**Materials provided**
..........
Lemma value_neg_indicator_1 k n : value neg_indicator 1 k n 0 = (1 + survival k n 0) / 2.
Proof.
  pose proof (value_add neg_indicator (fun _ => 0) 0 1 k n 0) as Hadd.
  rewrite Rplus_0_l, (value_ext (fun z => neg_indicator z + 0) neg_indicator) in Hadd
    by (intros; lra).
  fold (survival k n 0) in Hadd. rewrite value_neg_indicator_0 in Hadd. lra.
Qed.

(* [n - z^2] is a martingale of the walk; it is nonnegative at the exit time, since the walk
   enters [|z| > sqrt m - 1] from [|z| <= sqrt (m-1) - 1], and at least [2 sqrt m - 1] at a
   horizon [m] not yet exited. *)
Lemma survival_bound k : forall n z, (1 <= n)%nat -> Rabs (IZR z) <= sqrt (INR n) - 1 ->
  survival k n z * (2 * sqrt (INR (n + k)) - 1) <= INR n - IZR z ^ 2.
Proof.
  unfold survival. induction k as [|k IH]; intros n z Hn Hz; simpl value.
  - rewrite Nat.add_0_r, <- pow2_abs.
    assert (Hr : 1 <= sqrt (INR n)) by (destruct n; [lia|apply one_le_sqrt_S]).
    pose proof (sqrt_sqrt (INR n) (pos_INR n)). pose proof (Rabs_pos (IZR z)). nra.
  - replace (n + S k)%nat with (S n + k)%nat by lia.
    set (D := 2 * sqrt (INR (S n + k)) - 1).
    assert (Hnext : forall z', Rabs (IZR z') <= Rabs (IZR z) + 1 ->
      (if exits (S n) z' then 0 else value (fun _ => 0) 1 k (S n) z') * D
        <= INR (S n) - IZR z' ^ 2).
    { intros z' Hz'. destruct (exits (S n) z') eqn:E.
      - rewrite Rmult_0_l, S_INR, <- pow2_abs.
        pose proof (sqrt_sqrt (INR n) (pos_INR n)). pose proof (Rabs_pos (IZR z')). nra.
      - apply IH; [lia|]. unfold exits in E. destruct (Rgt_dec _ _); [discriminate|lra]. }
    pose proof (Hnext (z + 1)%Z) as Hup. pose proof (Hnext (z - 1)%Z) as Hdown.
    rewrite plus_IZR in Hup. rewrite minus_IZR in Hdown.
    specialize (Hup ltac:(eapply Rle_trans; [apply Rabs_triang|]; rewrite Rabs_R1; lra)).
    specialize (Hdown ltac:(eapply Rle_trans; [apply Rabs_triang|]; rewrite Rabs_Ropp, Rabs_R1; lra)).
    rewrite S_INR in Hup, Hdown. nra.
Qed.

Lemma survival_vanishes n eps : (1 <= n)%nat -> 0 < eps -> exists k, survival k n 0 < eps.
Proof.
  intros Hn Heps. set (c := (INR n / eps + 1) / 2).
  assert (Hc : 0 <= c).
  { pose proof (Rdiv_le_0_compat (INR n) eps (pos_INR n) Heps). unfold c. lra. }
  destruct (INR_unbounded (c * c)) as [k Hk]. exists k.
  assert (Hsqrt : c < sqrt (INR (n + k))).
  { rewrite <- (sqrt_square c Hc). apply sqrt_lt_1_alt. rewrite plus_INR.
    pose proof (pos_INR n). nra. }
  assert (Hmargin : INR n < eps * (2 * sqrt (INR (n + k)) - 1)).
  { replace (INR n) with (eps * (2 * c - 1)) by (unfold c; field; apply Rgt_not_eq, Heps). nra. }
  pose proof (survival_bound k n 0 Hn) as Hbound. rewrite Rabs_R0 in Hbound.
  specialize (Hbound ltac:(destruct n; [lia|pose proof (one_le_sqrt_S n); lra])).
  simpl in Hbound.
  set (D := 2 * sqrt (INR (n + k)) - 1) in *.
  assert (HD : 0 < D) by (pose proof (pos_INR n); nra).
  apply Rnot_le_lt. intros Hge.
  pose proof (Rmult_le_compat_r D eps (survival k n 0) (Rlt_le _ _ HD) Hge). lra.
Qed.

(* [payoff] is [Some v] once the walk has been stopped with payoff [v]. *)
Record walk_state : Type := WalkState { time : nat; pos : Z; payoff : option R }.
Lemma colweight_flat r s t : `|colweight r s t| = 1.
Proof. by rewrite normrM norm_conjC !hA mulr1. Qed.

Lemma card_invE : n^-1 = sn^-1 * sn^-1.
Proof. by rewrite -invfM -expr2 sqrtCK. Qed.

Lemma inner_Mr r s j k :
  inner (fun t => Mr A r t j) (fun t => Mr A s t k) = n^-1 * wsum (colweight r s) j k.
Proof.
rewrite /inner /wsum mulr_sumr; apply: eq_bigr => t _.
rewrite /Mr /colweight !rmorphM /= geC0_conj ?invr_ge0 ?sqrtC_ge0 ?ler0n // card_invE.
by ring.
Qed.

Lemma Mr_hadamard r : complex_hadamard (Mr A r).
Proof.
split=> [j k | i j].
  rewrite inner_Mr /wsum (eq_bigr (fun t => (fourier t j)^* * fourier t k)) => [|t _].
    by rewrite fourier_orth mulrCA mulVf ?card_G_neq0 ?mulr1.
  by rewrite /colweight unit_conjM ?hA // mul1r.
by rewrite /Mr !normrM fourier_norm hA !mulr1 ger0_norm // invr_ge0 sqrtC_ge0 ler0n.
Qed.

Lemma Mr_unbiased_iff r s : mutually_unbiased (Mr A r) (Mr A s) <->
  (forall j k, `|wsum (colweight r s) j k| = sn).
Proof.
have sn0 : sn != 0 by rewrite sqrtC_eq0 card_G_neq0.
have scale x : n^-1 * x = sn^-1 <-> x = sn.
  rewrite card_invE; split=> [h|->]; last by field.
  by apply: (mulfI (mulf_neq0 (invr_neq0 sn0) (invr_neq0 sn0))); rewrite h; field.
have normE j k : `|inner (fun t => Mr A r t j) (fun t => Mr A s t k)| =
    n^-1 * `|wsum (colweight r s) j k|.
  by rewrite inner_Mr normrM ger0_norm // invr_ge0 ler0n.
by split=> H j k; [apply/scale; rewrite -normE | rewrite normE; apply/scale].
Qed.

Lemma autocorr_Dmat r s dl :
  autocorr (colweight r s) dl = inner (fun t => Dmat A dl t r) (fun t => Dmat A dl t s).
Proof.
apply: eq_bigr => t _; rewrite /colweight /Dmat !rmorphM /= fmorphV /= conjCK.
by rewrite !(unit_conj (hA _ _)); field; rewrite !A_neq0.
Qed.

Lemma Dmat_flat dl : flat (Dmat A dl).
Proof. by move=> i r; rewrite /Dmat normrM normfV !hA invr1 mulr1. Qed.

End MutuallyUnbiased.

Theorem mainTheorem13 (m : nat) (e : 'I_m -> nat)
  (A : Grp e -> Grp e -> algC) (hA : flat A) :
  complete_MUH (fun r => Mr A r) <->
  (forall dl : Grp e, dl != zeroG e -> rows_pairwise_orthogonal (Dmat A dl)).
Proof.
split=> [[_ unbiased] dl ndl | Dorth].
  apply: flat_rows_orthogonal (Dmat_flat hA dl) _ => r s rs.
  rewrite -autocorr_Dmat //; apply: (flat_spectrum_iff (colweight_flat hA r s)).1 _ dl ndl.
  exact: (Mr_unbiased_iff A r s).1 (unbiased r s rs).
split=> [r | r s rs]; first exact: Mr_hadamard.
apply/(Mr_unbiased_iff A r s)/(flat_spectrum_iff (colweight_flat hA r s)) => dl ndl.
rewrite autocorr_Dmat //.
apply: (@flat_rows_orthogonal _ (fun r t => Dmat A dl t r)) rs; last exact: Dorth.
by move=> t r'; apply: Dmat_flat.
Qed.
(* Let $R \in \mathfrak{D}$ and $\mathfrak{D}' \subseteq \mathfrak{D}$, and suppose that one of the following holds: (i) $\mathfrak{D}' = \mathfrak{D}$; (ii) $R \in \mathfrak{T}_a$ and $\mathfrak{T}_a \subseteq \mathfrak{D}' \subseteq \mathfrak{D}$; (iii) $\mathfrak{D}' = \mathfrak{P}$ or $\mathfrak{D}' = \mathfrak{P}^*$, and $R \in \mathfrak{D}'$. Then for every $S \in \mathfrak{D}$ the following are equivalent: (a) $R \sqsubseteq_\Gamma S$ with respect to $\mathfrak{D}'$; (b) $\# \mathcal{S}(G,R) \leq \# \mathcal{S}(G,S)$ for all $G \in \mathfrak{D}'$. Moreover, (b) implies $\# \mathcal{H}(G,R) \leq \# \mathcal{H}(G,S)$ for all $G \in \mathfrak{D}'$.
   Context: **Digraphs and homomorphisms.** - A digraph $G$ is a pair $(V(G),A(G))$, where $V(G)$ is a finite non-empty set and $A(G) \subseteq V(G)\times V(G)$. Arcs are written $vw$. - An arc $vv$ is a loop. An arc $vw$ with $v\neq w$ is proper. $G^*$ denotes $G$ with all loops removed. - A homomorphism $\xi: G\to H$ is a map $V(G)\to V(H)$ such that $\xi(v)\xi(w)\in A(H)$ for all $vw\in A(G)$. $\mathcal{H}(G,H)$ is the set of homomorphisms. - A homomorphism is strict if it maps every proper arc of $G$ to a proper arc of $H$. $\mathcal{S}(G,H)$ is the set of strict homomorphisms from $G$ to $H$. - A walk in $G$ is a sequence $v_0,\dots,v_I$ with $I\geq 1$ and $v_{i-1}v_i\in A(G)$ for all $i$. It is closed if $v_0=v_I$, and trivial if all $v_i$ are equal. **Classes of digraphs.** - $\mathfrak{D}$ is the class of all digraphs. - $\mathfrak{P}$ is the class of finite posets, i.e. reflexive, antisymmetric, transitive digraphs. - $\mathfrak{P}^* = \{P^* : P\in\mathfrak{P}\}$. - $\mathfrak{T}_a = \{G\in\mathfrak{D} : G^* \text{ contains no closed walk}\}$. Equivalently, every closed walk in $G$ is trivial. **Connectivity.** - Two vertices $u,w$ are adjacent if $uw\in A(G)$ or $wu\in A(G)$. - For $X\subseteq V(G)$ and $v,w\in X$, the vertices $v$ and $w$ are connected in $X$ if $v=w$, or if there are $z_0=v,z_1,\dots,z_I=w$ in $X$ with $z_{i-1},z_i$ adjacent for all $i$. - $\gamma_X(v)$ is the set of $w\in X$ connected to $v$ in $X$. - For any map $\xi$ from $V(G)$ to a set, $\Gamma_\xi(v) := \gamma_{\xi^{-1}(\xi(v))}(v)$. **Schemes.** - For a class $\mathfrak{D}'\subseteq\mathfrak{D}$, let $\mathfrak{D}'_r$ be a fixed system of representatives of $\mathfrak{D}'$ up to isomorphism. - For $R,S\in\mathfrak{D}$, a Hom-scheme from $R$ to $S$ with respect to $\mathfrak{D}'$ is a family $\rho=(\rho_G)_{G\in\mathfrak{D}'_r}$ of maps $\rho_G:\mathcal{H}(G,R)\to\mathcal{H}(G,S)$. - It is strong if every $\rho_G$ is injective. - It is a $\Gamma$-scheme if $\Gamma_{\rho_G(\xi)}(v)=\Gamma_\xi(v)$ for all $G\in\mathfrak{D}'_r$, $\xi\in\mathcal{H}(G,R)$ and $v\in V(G)$. - $R\sqsubseteq_\Gamma S$ with respect to $\mathfrak{D}'$ means that a strong $\Gamma$-scheme from $R$ to $S$ with respect to $\mathfrak{D}'$ exists. *)

From mathcomp Require Import all_boot.
Set Implicit Arguments. Unset Strict Implicit. Unset Printing Implicit Defensive.

Record digraph := Digraph { dV : finType; dA : rel dV; dV_nonempty : 0 < #|dV| }.
Arguments dA : clear implicits.
Arguments dV_nonempty : clear implicits.

Definition unloop (G : digraph) : digraph :=
  @Digraph (dV G) (fun v w => (v != w) && dA G v w) (dV_nonempty G).

Definition is_hom (G H : digraph) (f : {ffun dV G -> dV H}) : bool :=
  [forall v, forall w, dA G v w ==> dA H (f v) (f w)].

Definition is_strict (G H : digraph) (f : {ffun dV G -> dV H}) : bool :=
  is_hom f && [forall v, forall w, (dA G v w && (v != w)) ==> (f v != f w)].

Definition Hom (G H : digraph) := {f : {ffun dV G -> dV H} | is_hom f}.
Definition homset (G H : digraph) := [set f : {ffun dV G -> dV H} | is_hom f].
Definition strictset (G H : digraph) := [set f : {ffun dV G -> dV H} | is_strict f].

Definition iso (G H : digraph) : Prop :=
  exists f : dV G -> dV H, bijective f /\ forall v w, dA G v w = dA H (f v) (f w).

Definition iso_closed (C : digraph -> Prop) : Prop :=
  forall G H, iso G H -> C G -> C H.

Definition is_poset (G : digraph) : Prop :=
  reflexive (dA G) /\ antisymmetric (dA G) /\ transitive (dA G).

Definition is_poset_star (G : digraph) : Prop :=
  exists2 P, is_poset P & iso G (unloop P).

(* a closed walk v0, v1, ..., vI (I >= 1) in G is given by v0 and s = [v1;...;vI] *)
Definition closed_walk (G : digraph) (v0 : dV G) (s : seq (dV G)) : bool :=
  (s != [::]) && path (dA G) v0 s && (last v0 s == v0).

Definition in_Ta (G : digraph) : Prop :=
  forall v0 s, ~~ @closed_walk (unloop G) v0 s.

Definition adjacent (G : digraph) (u w : dV G) : bool := dA G u w || dA G w u.

Definition gamma (G : digraph) (X : {set dV G}) (v : dV G) : {set dV G} :=
  [set w in X | connect (fun x y => [&& x \in X, y \in X & adjacent x y]) v w].

Definition Gam (G : digraph) (T : finType) (xi : {ffun dV G -> T}) (v : dV G)
  : {set dV G} := gamma [set u | xi u == xi v] v.

(* strong Gamma-scheme from R to S w.r.t. the class C, indexed by all members
   of C (C being isomorphism closed) *)
Definition strong_Gamma_scheme (C : digraph -> Prop) (R S : digraph)
  (rho : forall G : digraph, C G -> Hom G R -> Hom G S) : Prop :=
  forall G (hG : C G),
    injective (rho G hG) /\
    forall (xi : Hom G R) (v : dV G), Gam (val (rho G hG xi)) v = Gam (val xi) v.

Definition Gamma_le (C : digraph -> Prop) (R S : digraph) : Prop :=
  exists rho, @strong_Gamma_scheme C R S rho.

From mathcomp Require Import all_boot.
From Stdlib Require Import IndefiniteDescription.
Set Implicit Arguments. Unset Strict Implicit. Unset Printing Implicit Defensive.

(* Proof idea.  The "component type" of a map xi : G -> T is the function
   v |-> Gamma_xi(v); a Gamma-scheme is exactly a family of injections
   Hom(G,R) -> Hom(G,S) preserving component types.

   (a) => (b): a strict homomorphism is one whose components are singletons,
   so a type-preserving injection maps strict homomorphisms to strict ones.
   (b) => (a): it suffices to compare, for each G and each type k, the number
   of homomorphisms G -> R and G -> S of type k (fiberwise injection).  Fix
   xi0 : G -> R of type k and contract each component of xi0 to a point,
   giving a digraph Q and a homomorphism pi : G -> Q.  Homomorphisms G -> R of
   type k factor through pi as strict homomorphisms Q -> R, and strict
   homomorphisms Q -> S pull back along pi to homomorphisms of type k, so (b)
   for Q gives the fiber inequality.  The side conditions (Q in the class,
   the factorisations strict) are checked in each of the three cases: in case
   (iii) for posets Q is replaced by its reflexive-transitive closure, and
   for loopless posets every homomorphism is strict, so no contraction is
   needed.  Finally a Gamma-scheme is injective on Hom(G,R), which gives the
   homomorphism count. *)

Section Components.
Variable G : digraph.
Implicit Types (X Y : {set dV G}) (u v w x y : dV G).

Definition adj_in X : rel (dV G) := fun x y => [&& x \in X, y \in X & adjacent x y].

Lemma adjacent_sym : symmetric (@adjacent G).
Proof. by move=> x y; rewrite /adjacent orbC. Qed.

Lemma adj_in_sym X : symmetric (adj_in X).
Proof. by move=> x y; rewrite /adj_in adjacent_sym andbCA. Qed.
..........
**What is expected**
In the listing above, find the line with "pose proof (Hnext (z +" and the line with "set (D := 2 * sqrt (INR (n + k)) - 1) in *.". Output those two lines and every line between them, exactly as written.

**Answer to this task**
    pose proof (Hnext (z + 1)%Z) as Hup. pose proof (Hnext (z - 1)%Z) as Hdown.
    rewrite plus_IZR in Hup. rewrite minus_IZR in Hdown.
    specialize (Hup ltac:(eapply Rle_trans; [apply Rabs_triang|]; rewrite Rabs_R1; lra)).
    specialize (Hdown ltac:(eapply Rle_trans; [apply Rabs_triang|]; rewrite Rabs_Ropp, Rabs_R1; lra)).
    rewrite S_INR in Hup, Hdown. nra.
Qed.

Lemma survival_vanishes n eps : (1 <= n)%nat -> 0 < eps -> exists k, survival k n 0 < eps.
Proof.
  intros Hn Heps. set (c := (INR n / eps + 1) / 2).
  assert (Hc : 0 <= c).
  { pose proof (Rdiv_le_0_compat (INR n) eps (pos_INR n) Heps). unfold c. lra. }
  destruct (INR_unbounded (c * c)) as [k Hk]. exists k.
  assert (Hsqrt : c < sqrt (INR (n + k))).
  { rewrite <- (sqrt_square c Hc). apply sqrt_lt_1_alt. rewrite plus_INR.
    pose proof (pos_INR n). nra. }
  assert (Hmargin : INR n < eps * (2 * sqrt (INR (n + k)) - 1)).
  { replace (INR n) with (eps * (2 * c - 1)) by (unfold c; field; apply Rgt_not_eq, Heps). nra. }
  pose proof (survival_bound k n 0 Hn) as Hbound. rewrite Rabs_R0 in Hbound.
  specialize (Hbound ltac:(destruct n; [lia|pose proof (one_le_sqrt_S n); lra])).
  simpl in Hbound.
  set (D := 2 * sqrt (INR (n + k)) - 1) in *.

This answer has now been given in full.